Protection against threats

Criminals use artificial intelligence for cyberattacks, which makes security measures extremely important. We look at defenses against malicious model instructions, AI jailbreaks, and AI-driven attacks, with a particular focus on authentication measures and insider risk programs.

Grow your business with AI you can trust

Eliminating prejudices

Reducing bias is critical to ensuring the fair use of AI. We discuss methods for identifying and mitigating biases from training data and generative systems, emphasizing the role of ethics committees and diversity practices.

Microsoft’s way to redefine legal support with AI


All on AI

It is difficult to navigate the rules of artificial intelligence due to unclear instructions and global differences. We offer best practices for aligning AI initiatives with legal and ethical standards, including establishing ethics committees and using frameworks such as the NIST AI Risk Management Framework.
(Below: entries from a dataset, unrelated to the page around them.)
Lemma Irate_gt0_cases a : (0 < Irate S a)%E ->
  let case1 := a < inf S /\
     (forall b : R, b <= inf S -> Irate S b = ell (inf S) b) in
  let case2 := (has_ubound S /\ sup S < a) /\
     (forall b : R, sup S <= b -> Irate S b = ell (sup S) b) in
  let cm := sup_below S a in
  let cp := inf_above S a in
  let case3 := ~ (a < inf S) /\ ~ (has_ubound S /\ sup S < a) /\
     (forall b : R, cm <= b <= cp ->
        Irate S b = Order.min (ell cm b) (ell cp b)) in
  [\/ [/\ case1, ~ case2 & ~ case3],
      [/\ ~ case1, case2 & ~ case3] |
      [/\ ~ case1, ~ case2 & case3]].
Proof.
move=> Ia_gt0 case1 case2 cm cp case3.
have Sa : ~ S a by move/Irate_eq0 => Ia0; move: Ia_gt0; rewrite Ia0 ltxx.
have [a_lt|a_ge] := ltP a (inf S).
  apply: Or31; split.
  - by split => // b; exact: Irate_below_inf.
  - move=> [[Sub sup_lt_a] _].
    have := ge_inf has_lboundS (sup_inS Sub).
    by have := ub_le_sup Sub inf_inS; lra.
  - by case.
have not1 : ~ case1 by case; rewrite ltNge a_ge.
have [[Sub sup_lt_a]|a_not_above] := pselect (has_ubound S /\ sup S < a).
  apply: Or32; split => //.
  - by split => // b; exact: Irate_above_sup.
  - by case=> _ [/(_ (conj Sub sup_lt_a))].
apply: Or33; split => //; first by case.
split; first by rewrite ltNge a_ge.
by split => // b; exact: Irate_in_gap.
Qed.

End RateInfimum.

Definition law_support {R : realType} {d : measure_display}
    {Omega : measurableType d} (P : probability Omega R) (X : Omega -> R) : set R :=
  [set g : R | forall eps : R, 0 < eps ->
     (0 < P [set w | X w \in `]g - eps, g + eps[%R])%E].

Lemma attainable_cst {R : realType} {E : Type} {d : measure_display}
    {Omega : measurableType d} (P : probability Omega R) (lam kap mu : E -> R) t
    (J : Omega -> R -> E) :
  attainable P lam kap mu t (fun _ => J) =
  [set g | 0 <= g] `&` law_support P (fun w => phi lam kap mu t (J w)).
Proof.
apply/seteqP; split => g [g0 Jg]; split => // eps e0.
  by have [N JN] := Jg eps e0; exact: JN N (leqnn N).
by exists 0%N => n _; exact: Jg.
Qed.

Section LawSupport.
Context {R : realType} {d : measure_display} {Omega : measurableType d}
  (P : probability Omega R) (X : Omega -> R).
Hypothesis mX : measurable_fun setT X.

Lemma measurable_X_itv (i : interval R) : measurable [set w | X w \in i].
Proof. by have := mX measurableT _ (measurable_itv i); rewrite setTI. Qed.

Lemma measurable_X_lt x : measurable [set w | X w < x].
Proof. by have := measurable_X_itv `]-oo, x[; congr measurable. Qed.

Lemma law_support_closed : closed (law_support P X).
Proof.
move=> x clx eps e0; have e2 : 0 < eps / 2 by lra.
have [g [Sg xg]] := clx _ (nbhsx_ballx x _ e2).
apply: lt_le_trans (Sg _ e2) _.
apply: le_measure; rewrite ?inE; try exact: measurable_X_itv.
move: xg; rewrite /ball /= ltr_distlC => /andP[xg gx] w /=.
by rewrite !in_itv /= => /andP[? ?]; apply/andP; split; lra.
Qed.

Hypothesis X_ge0 : forall w, 0 <= X w.

Lemma law_support_ge0 g : law_support P X g -> 0 <= g.
Proof.
move=> Sg; rewrite leNgt; apply/negP => g0.
have := Sg (- g); rewrite oppr_gt0 => /(_ g0).
suff -> : [set w | X w \in `]g - - g, g + - g[] = set0 by rewrite measure0 ltxx.
apply/seteqP; split => w //=; rewrite in_itv /= => /andP[_].
by have := X_ge0 w; lra.
Qed.

Lemma exists_nat_lt_nonnull : exists n : nat, P [set w | X w < n%:R] != 0%E.
Proof.
apply: contrapT => /forallNP null_lt.
have : (P setT <= \sum_(0 <= k <oo) P [set w | (X w < k%:R)%R])%E.
  apply: measure_sigma_subadditive => // [k|]; first exact: measurable_X_lt.
  by move=> w _; exists (Num.truncn (X w)).+1 => //=; exact: truncnS_gt.
rewrite probability_setT eseries0 ?lee_fin ?ler10 // => k _ _.
by have /negP/negPn/eqP := null_lt k.
Qed.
Learn specific actions for the future

Since your organization uses generative artificial intelligence, its implementation is critical principles of responsible AI—including fairness, reliability, security, privacy, inclusiveness, transparency and accountability. In this paper, we propose an effective approach that uses the “map, measure and manage” framework as a guide; and explore the importance of experimentation, efficiency, and continuous improvement in AI deployment.

I’m excited to kick off this series on AI compliance, governance and security with a strategy paper on minimizing risk and enabling your organization to take advantage of generative AI. We hope this series will serve as a guide to unlocking the full potential of generative AI while ensuring security, compliance, and ethical use, and trust that these guidelines will give your organization the knowledge and tools it needs to thrive in this new era for business.

Additional resources

Get more information from Bret Arsenault about his new security challenges Microsoft Security Blogs covering topics such as next-generation embedded security, internal risk management, hybrid workload management, and more.


1, 2 ISMG’s First Annual Generative Artificial Intelligence Study – Business Rewards vs. Security Risks: Research ReportISMG.